Granular Flow Impacting on Water Basin
Using the coupled CFD/DEM tool, we have further explored the impacting of debris flow onto a water basin and landslide induced trsunami (repulsive waves) (see Fig. 4). In the figure, the upper shows the flow of granular particles into an empty basin, while the bottom displays the impacting of granular flow on a water basin. The following papers provide detail on the simulations and analyses:
Shan, T., Zhao, J.D. (2014). A coupled CFD-DEM analysis of granular flow impacting on water reservoir. Acta Mechanica. 225(8): 2449-2470. doi: 10.1007/s00707-014-1119-z (PDF).
Zhao, J.D., Shan, T. (2013c).
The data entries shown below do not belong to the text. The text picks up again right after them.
(* Cauchy-Schwarz for the form <., S .> stands in for the spectral theorem:
   |S X|^4 <= <X, S X> <S X, S (S X)> <= b <X, S X> |S X|^2. *)
Lemma mxdot_psdmx_ge k (S : 'M[R]_k) a b :
  S^T = S -> (forall q (Z : 'M[R]_(k, q)), 0 <= mxdot Z (S *m Z)) ->
  0 <= a -> 0 <= b ->
  (forall q (X : 'M[R]_(k, q)), a * frob X <= frob (S *m X)) ->
  (forall q (X : 'M[R]_(k, q)), frob (S *m X) <= b * frob X) ->
  forall q (X : 'M[R]_(k, q)), a ^+ 2 * frob X ^+ 2 <= b * mxdot X (S *m X).
Proof.
move=> symS psdS a0 b0 lbS ubS q X.
set d := mxdot X (S *m X); set s := frob (S *m X) ^+ 2.
have sE : s = mxdot X (S *m (S *m X)) by rewrite /s sqr_frob [RHS]mxdot_mulmxr symS.
have cs := cauchy_schwarz_psdmx X (S *m X) symS (psdS q); rewrite -sE in cs.
have SSX : mxdot (S *m X) (S *m (S *m X)) <= b * s.
  apply: le_trans (mxdot_le_frob _ _) _; rewrite /s expr2 mulrCA.
  by rewrite ler_wpM2l ?frob_ge0 ?ubS.
have s_le : s <= b * d.
  apply: le_of_sqr_le_mul; rewrite ?sqr_ge0 ?mulr_ge0 ?psdS //.
  by apply: le_trans cs _; rewrite -/d (mulrC b d) -mulrA ler_wpM2l ?psdS.
by apply: le_trans s_le; rewrite -exprMn /s ler_pXn2r ?nnegrE ?mulr_ge0 ?frob_ge0 ?lbS.
Qed.

Lemma frob_sylvester_ge k (S T X : 'M[R]_k) c :
  T^T = T ->
  (forall Z : 'M[R]_k, c * frob Z ^+ 2 <= mxdot Z (S *m Z)) ->
  (forall Z : 'M[R]_k, c * frob Z ^+ 2 <= mxdot Z (T *m Z)) ->
  2 * c * frob X <= frob (S *m X + X *m T).
Proof.
move=> symT lbS lbT; set D := S *m X + X *m T.
have XT : mxdot X (X *m T) = mxdot X^T (T *m X^T).
  by rewrite -mxdot_trmx trmx_mul symT.
have key : 2 * c * frob X * frob X <= frob D * frob X.
  have := lbT X^T; rewrite frob_trmx -XT.
  have := mxdot_le_frob X D; rewrite mxdotDr.
  have := lbS X; rewrite expr2; lra.
have := frob_ge0 X; rewrite le0r => /predU1P[->|X_gt0]; first by rewrite mulr0 frob_ge0.
by rewrite -(ler_pM2r X_gt0).
Qed.

End FrobeniusInnerProduct.

Section GramSquareRoot.
Variable R : realType.

Lemma qformB k (A B : 'M[R]_k) v : qform (A - B) v = qform A v - qform B v.
Proof. by rewrite !qformE mulmxBl mxdotDr mxdotNr. Qed.

Lemma qform_scalar k (c : R) (v : 'cV[R]_k) : qform c%:M v = c * frob v ^+ 2.
Proof. by rewrite qformE mul_scalar_mx mxdotZr sqr_frob. Qed.

Lemma qform_gram n k (G : 'M[R]_(n, k)) d v :
  qform (d *: (G^T *m G)) v = d * frob (G *m v) ^+ 2.
Proof. by rewrite qformE -scalemxAl mxdotZr -mulmxA mxdot_mulmxr trmxK sqr_frob. Qed.

Lemma loewner_scalar_le0 k (c : R) : (0 < k)%N -> loewner_le (c%:M : 'M[R]_k) 0 -> c <= 0.
Proof.
move=> k_gt0 [_ psd]; have := psd (const_mx 1).
rewrite qformB qform_scalar /qform mulmx0 mul0mx mxE sub0r oppr_ge0 sqr_frob mxdotE.
under eq_bigr do rewrite big_ord1 !mxE mulr1.
by rewrite sumr_const card_ord mulr_natr pmulrn_lle0.
Qed.

Lemma gram_rows_gt0 n k (G : 'M[R]_(n, k)) c :
  (0 < k)%N -> 0 < c -> loewner_le c%:M (n%:R^-1 *: (G^T *m G)) -> (0 < n)%N.
Proof.
move=> k_gt0 c_gt0; case: n G => [|n] // G; rewrite mulr0n invr0 scale0r.
by move/(loewner_scalar_le0 k_gt0); rewrite leNgt c_gt0.
Qed.

Lemma frob_gram_mulmx_ge n k (G : 'M[R]_(n, k)) c :
  (0 < n)%N -> 0 <= c -> loewner_le c%:M (n%:R^-1 *: (G^T *m G)) ->
  forall q (X : 'M[R]_(k, q)), Num.sqrt (n%:R * c) * frob X <= frob (G *m X).
Proof.
move=> n_gt0 c0 [_ psd]; apply: frob_mulmx_ge => [|v]; first exact: sqrtr_ge0.
rewrite frob_ge_scale ?sqrtr_ge0 // sqr_sqrtr ?mulr_ge0 // -!sqr_frob -mulrA.
by have := psd v; rewrite qformB qform_gram qform_scalar subr_ge0 ler_pdivlMl ?ltr0n.
Qed.

Lemma frob_gram_mulmx_le n k (G : 'M[R]_(n, k)) c :
  (0 < n)%N -> 0 <= c -> loewner_le (n%:R^-1 *: (G^T *m G)) c%:M ->
  forall q (X : 'M[R]_(k, q)), frob (G *m X) <= Num.sqrt (n%:R * c) * frob X.
Proof.
move=> n_gt0 c0 [_ psd]; apply: frob_mulmx_le => [|v]; first exact: sqrtr_ge0.
rewrite frob_le_scale ?sqrtr_ge0 // sqr_sqrtr ?mulr_ge0 // -!sqr_frob -mulrA.
by have := psd v; rewrite qformB qform_gram qform_scalar subr_ge0 ler_pdivrMl ?ltr0n.
Qed.

Lemma pdmx_mxdot_ge0 k (S : 'M[R]_k) :
  pdmx S -> forall q (Z : 'M[R]_(k, q)), 0 <= mxdot Z (S *m Z).
Proof.
move=> [_ pdS] q Z; rewrite mxdot_sum_col; apply: sumr_ge0 => j _.
rewrite col_mulmx -qformE; have [->|Zj_neq0] := eqVneq (col j Z) 0.
  by rewrite /qform mulmx0 mxE.
exact: ltW (pdS _ Zj_neq0).
Qed.

Lemma pdmx_unitmx k (S : 'M[R]_k) : pdmx S -> S \in unitmx.
Proof.
move=> [_ pdS]; rewrite unitmxE unitfE; apply/negP => /det0P[v v_neq0 vS].
have vT_neq0 : v^T != 0 by apply: contra v_neq0 => /eqP/(congr1 trmx); rewrite trmxK trmx0 => ->.
by have := pdS _ vT_neq0; rewrite /qform trmxK vS mul0mx mxE ltxx.
Qed.

Lemma frob_spd_sqrt_mulmx n k (G : 'M[R]_(n, k)) S :
  is_spd_sqrt (G^T *m G) S -> forall q (X : 'M[R]_(k, q)), frob (S *m X) = frob (G *m X).
Proof. by move=> [[symS _] SS] q X; rewrite !frobE !mxdot_mulmxr symS !mulmxA SS. Qed.

Section Bounds.
Variables (n k : nat) (G : 'M[R]_(n, k)) (S : 'M[R]_k) (a b : R).
Hypotheses (a_gt0 : 0 < a) (b_gt0 : 0 < b).
Hypothesis G_lbound : forall q (X : 'M[R]_(k, q)), a * frob X <= frob (G *m X).
Hypothesis G_ubound : forall q (X : 'M[R]_(k, q)), frob (G *m X) <= b * frob X.
Hypothesis S_sqrt : is_spd_sqrt (G^T *m G) S.

Lemma spd_sqrt_sym : S^T = S.
Proof. by case: S_sqrt => [[]]. Qed.

Lemma spd_sqrt_unitmx : S \in unitmx.
Proof. exact: pdmx_unitmx S_sqrt.1. Qed.

Lemma frob_spd_sqrt_mulmx_ge q (X : 'M[R]_(k, q)) : a * frob X <= frob (S *m X).
Proof. by rewrite (frob_spd_sqrt_mulmx S_sqrt). Qed.

Lemma frob_spd_sqrt_mulmx_le q (X : 'M[R]_(k, q)) : frob (S *m X) <= b * frob X.
Proof. by rewrite (frob_spd_sqrt_mulmx S_sqrt). Qed.

Lemma mxdot_spd_sqrt_ge q (X : 'M[R]_(k, q)) : a ^+ 2 / b * frob X ^+ 2 <= mxdot X (S *m X).
Proof.
rewrite mulrAC ler_pdivrMr // [leRHS]mulrC.
exact: mxdot_psdmx_ge spd_sqrt_sym (pdmx_mxdot_ge0 S_sqrt.1) (ltW a_gt0) (ltW b_gt0)
  frob_spd_sqrt_mulmx_ge frob_spd_sqrt_mulmx_le q X.
Qed.

Lemma frob_invmx_spd_sqrt_mulmx_le q (Y : 'M[R]_(k, q)) : frob (invmx S *m Y) <= a^-1 * frob Y.
Proof. exact: frob_invmx_mulmx_le spd_sqrt_unitmx a_gt0 frob_spd_sqrt_mulmx_ge _ Y. Qed.

Lemma frob_mulmx_invmx_spd_sqrt_le p (Y : 'M[R]_(p, k)) : frob (Y *m invmx S) <= a^-1 * frob Y.
Proof.
rewrite -frob_trmx trmx_mul trmx_inv spd_sqrt_sym -(frob_trmx Y).
exact: frob_invmx_spd_sqrt_mulmx_le.
Qed.

End Bounds.

End GramSquareRoot.

Section SqrtPerturbation.
Variable R : realType.
Variables (n k : nat) (G Gt : 'M[R]_(n, k)) (S St : 'M[R]_k) (a b : R).
Hypotheses (a_gt0 : 0 < a) (b_gt0 : 0 < b).
Hypothesis G_lbound : forall q (X : 'M[R]_(k, q)), a * frob X <= frob (G *m X).
Hypothesis G_ubound : forall q (X : 'M[R]_(k, q)), frob (G *m X) <= b * frob X.
Hypothesis Gt_lbound : forall q (X : 'M[R]_(k, q)), a * frob X <= frob (Gt *m X).
Hypothesis Gt_ubound : forall q (X : 'M[R]_(k, q)), frob (Gt *m X) <= b * frob X.
Hypotheses (S_sqrt : is_spd_sqrt (G^T *m G) S) (St_sqrt : is_spd_sqrt (Gt^T *m Gt) St).

Lemma frob_spd_sqrt_sub_le : frob (S - St) <= (b / a) ^+ 2 * frob (G - Gt).
Proof.
have sylvester := frob_sylvester_ge (S - St) (spd_sqrt_sym St_sqrt)
  (mxdot_spd_sqrt_ge a_gt0 b_gt0 G_lbound G_ubound S_sqrt (q := k))
  (mxdot_spd_sqrt_ge a_gt0 b_gt0 Gt_lbound Gt_ubound St_sqrt (q := k)).
have sqr_sub : S *m (S - St) + (S - St) *m St = G^T *m (G - Gt) + (Gt^T *m (G - Gt))^T.
  case: S_sqrt St_sqrt => [_ SS] [_ StSt].
  by rewrite trmx_mul trmxK [(G - Gt)^T]linearB !mulmxBr !mulmxBl !addrA !subrK SS StSt.
rewrite sqr_sub in sylvester.
set c := a ^+ 2 / b in sylvester *; have c_gt0 : 0 < c by rewrite divr_gt0 ?exprn_gt0.
have GE_le := frob_trmx_mulmx_le (ltW b_gt0) G_ubound (G - Gt).
have GtE_le := frob_trmx_mulmx_le (ltW b_gt0) Gt_ubound (G - Gt).
have := frobD_le (G^T *m (G - Gt)) (Gt^T *m (G - Gt))^T; rewrite frob_trmx => D_le.
have cE : c * (b / a) ^+ 2 = b by rewrite /c; field; rewrite !gt_eqF.
rewrite -(ler_pM2l c_gt0) mulrA cE; lra.
Qed.

Lemma frob_invmx_spd_sqrt_sub_le :
  frob (invmx S - invmx St) <= b ^+ 2 / a ^+ 4 * frob (G - Gt).
Proof.
rewrite invmxB ?(spd_sqrt_unitmx S_sqrt) ?(spd_sqrt_unitmx St_sqrt) // -mulmxA.
have ainv_ge0 : 0 <= a^-1 by rewrite invr_ge0 ltW.
have -> : b ^+ 2 / a ^+ 4 = a^-1 * (a^-1 * (b / a) ^+ 2) by field; rewrite gt_eqF.
apply: le_trans (frob_invmx_spd_sqrt_mulmx_le a_gt0 G_lbound S_sqrt _) _.
rewrite -mulrA ler_wpM2l //.
apply: le_trans (frob_mulmx_invmx_spd_sqrt_le a_gt0 Gt_lbound St_sqrt _) _.
by rewrite -mulrA ler_wpM2l // -opprB frobN frob_spd_sqrt_sub_le.
Qed.

Lemma frob_normalized_sub_le :
  frob (G *m invmx S - Gt *m invmx St) <= (a^-1 + b ^+ 3 / a ^+ 4) * frob (G - Gt).
Proof.
have -> : G *m invmx S - Gt *m invmx St = (G - Gt) *m invmx S + Gt *m (invmx S - invmx St).
  by rewrite mulmxBl mulmxBr addrA subrK.
apply: le_trans (frobD_le _ _) _.
have := frob_mulmx_invmx_spd_sqrt_le a_gt0 G_lbound S_sqrt (G - Gt).
have := le_trans (Gt_ubound _) (ler_wpM2l (ltW b_gt0) frob_invmx_spd_sqrt_sub_le).
have -> : b * (b ^+ 2 / a ^+ 4 * frob (G - Gt)) = b ^+ 3 / a ^+ 4 * frob (G - Gt) by ring.
rewrite mulrDl; lra.
Qed.

End SqrtPerturbation.

Theorem lemmaS5p4 (R : realType) (K : nat) (mlo mhi : R) :
  (1 <= K)%N -> 0 < mlo -> mlo <= mhi ->
  exists L1 L2 : R, 0 < L1 /\ 0 < L2 /\
    forall (n : nat) (G Gt : 'M[R]_(n, K)) (S St : 'M[R]_K),
      loewner_le (mlo%:M) ((n%:R)^-1 *: (G^T *m G)) ->
      loewner_le ((n%:R)^-1 *: (G^T *m G)) (mhi%:M) ->
      loewner_le (mlo%:M) ((n%:R)^-1 *: (Gt^T *m Gt)) ->
      loewner_le ((n%:R)^-1 *: (Gt^T *m Gt)) (mhi%:M) ->
      is_spd_sqrt (G^T *m G) S ->
      is_spd_sqrt (Gt^T *m Gt) St ->
      frob (invmx S - invmx St) <= L1 * (n%:R)^-1 * frob (G - Gt) /\
      frob (G *m invmx S - Gt *m invmx St)
        <= L2 * (Num.sqrt (n%:R))^-1 * frob (G - Gt).
Proof.
move=> K_gt0 mlo_gt0 mlo_le_mhi; have mhi_gt0 := lt_le_trans mlo_gt0 mlo_le_mhi.
set u := Num.sqrt mlo; set t := Num.sqrt mhi.
have u_gt0 : 0 < u by rewrite sqrtr_gt0.
have t_gt0 : 0 < t by rewrite sqrtr_gt0.
exists (t ^+ 2 / u ^+ 4), (u^-1 + t ^+ 3 / u ^+ 4).
split; first by rewrite divr_gt0 ?exprn_gt0.
split; first by rewrite addr_gt0 ?invr_gt0 ?divr_gt0 ?exprn_gt0.
move=> n G Gt S St Glo Ghi Gtlo Gthi S_sqrt St_sqrt.
have n_gt0 := gram_rows_gt0 K_gt0 mlo_gt0 Glo.
set s := Num.sqrt n%:R; have s_gt0 : 0 < s by rewrite sqrtr_gt0 ltr0n.
have [a_def b_def] : Num.sqrt (n%:R * mlo) = s * u /\ Num.sqrt (n%:R * mhi) = s * t.
  by rewrite !sqrtrM ?ler0n.
have lbound := frob_gram_mulmx_ge n_gt0 (ltW mlo_gt0).
have ubound := frob_gram_mulmx_le n_gt0 (ltW mhi_gt0).
rewrite a_def b_def in lbound ubound.
have su_gt0 := mulr_gt0 s_gt0 u_gt0; have st_gt0 := mulr_gt0 s_gt0 t_gt0.
have nE : n%:R = s ^+ 2 by rewrite sqr_sqrtr ?ler0n.
have -> : t ^+ 2 / u ^+ 4 / n%:R = (s * t) ^+ 2 / (s * u) ^+ 4.
  by rewrite nE; field; rewrite !gt_eqF.
have -> : (u^-1 + t ^+ 3 / u ^+ 4) / s = (s * u)^-1 + (s * t) ^+ 3 / (s * u) ^+ 4.
  by field; rewrite !gt_eqF.
split.
- exact: frob_invmx_spd_sqrt_sub_le su_gt0 st_gt0 (lbound _ _ Glo) (ubound _ _ Ghi)
    (lbound _ _ Gtlo) (ubound _ _ Gthi) S_sqrt St_sqrt.
- exact: frob_normalized_sub_le su_gt0 st_gt0 (lbound _ _ Glo) (ubound _ _ Ghi)
    (lbound _ _ Gtlo) (ubound _ _ Gthi) S_sqrt St_sqrt.
Qed.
The impact of granular flow on a water reservoir - a coupled CFD-DEM study. In Mustoe, G. (ed.) DEM 6: Proceedings of the 6th International Conference on Discrete Element Methods and Related Techniques (August 5-6, 2013, Colorado School of Mines, USA), pp.505-510. (PDF)
Fig.5 Simulation of a mixture of water-particle debris flow impacting on an obstable (upper: debris-water mixture; bottom: purely dry particles).
Simulation of Debris Flow Impacting on a Barrier
The coupled CFD/DEM tool has been further used to simulated the impact of debris flow (granular particle system mixed with water before release, shown in upper figure of Fig. 5) on an barrier, in comparison with a purely dry case (bottome case in Fig. 5). Overall, the water apparent flow faster than the particle flow. And the effect of mixing between the two systems during the flow apparently greatly enhances the mobility of the debris flow as well as its impact on the barrier.
In the future, we aim to further extend the tool to incorporate other processes such as heat and chemical contamination to develop a powerful multiphisics computational platform for relevant practical simulations.